_Your task_
Reproduce every line in the material below that holds "exists".
================
Lemma graded_basis_expansion (F : fieldType) (b : nat -> {poly F}) n (p : {poly F}) :
    (forall k, size (b k) = k.+1) -> (size p <= n)%N ->
  exists c : nat -> F, p = \sum_(k < n) c k *: b k.
Proof.
move=> size_b; elim: n p => [|n IHn] p le_pn.
  by exists (fun=> 0); rewrite big_ord0; apply/eqP; rewrite -size_poly_leq0.
have [c p_eq] := IHn _ (size_sub_lead le_pn (size_b n)).
exists (fun k => if k == n then p`_n / (b n)`_n else c k).
rewrite big_ord_recr /= eqxx -[LHS](subrK ((p`_n / (b n)`_n) *: b n)) p_eq.
by congr (_ + _); apply: eq_bigr => k _; rewrite ltn_eqF.
Qed.

Lemma eq_poly_at_nodes (F : fieldType) (p r : {poly F}) (s : seq F) :
    uniq s -> (size p <= size s)%N -> (size r <= size s)%N ->
  (forall z, z \in s -> p.[z] = r.[z]) -> p = r.
Proof.
move=> s_uniq le_ps le_rs eq_ps; apply/eqP; rewrite -subr_eq0; apply/negPn/negP => pr_neq0.
have le_prs : (size (p - r)%R <= size s)%N.
  by rewrite (leq_trans (size_polyD _ _)) // size_polyN geq_max le_ps.
have roots_pr : all (root (p - r)) s.
  by apply/allP => z zs; rewrite rootE hornerD hornerN eq_ps ?subrr.
by have := max_poly_roots pr_neq0 roots_pr s_uniq; rewrite ltnNge le_prs.
Qed.

Section QPochhammer.
Variable R : comNzRingType.
Implicit Types (q a : R) (m n : nat).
================
_Answer_
  exists c : nat -> F, p = \sum_(k < n) c k *: b k.
  by exists (fun=> 0); rewrite big_ord0; apply/eqP; rewrite -size_poly_leq0.
exists (fun k => if k == n then p`_n / (b n)`_n else c k).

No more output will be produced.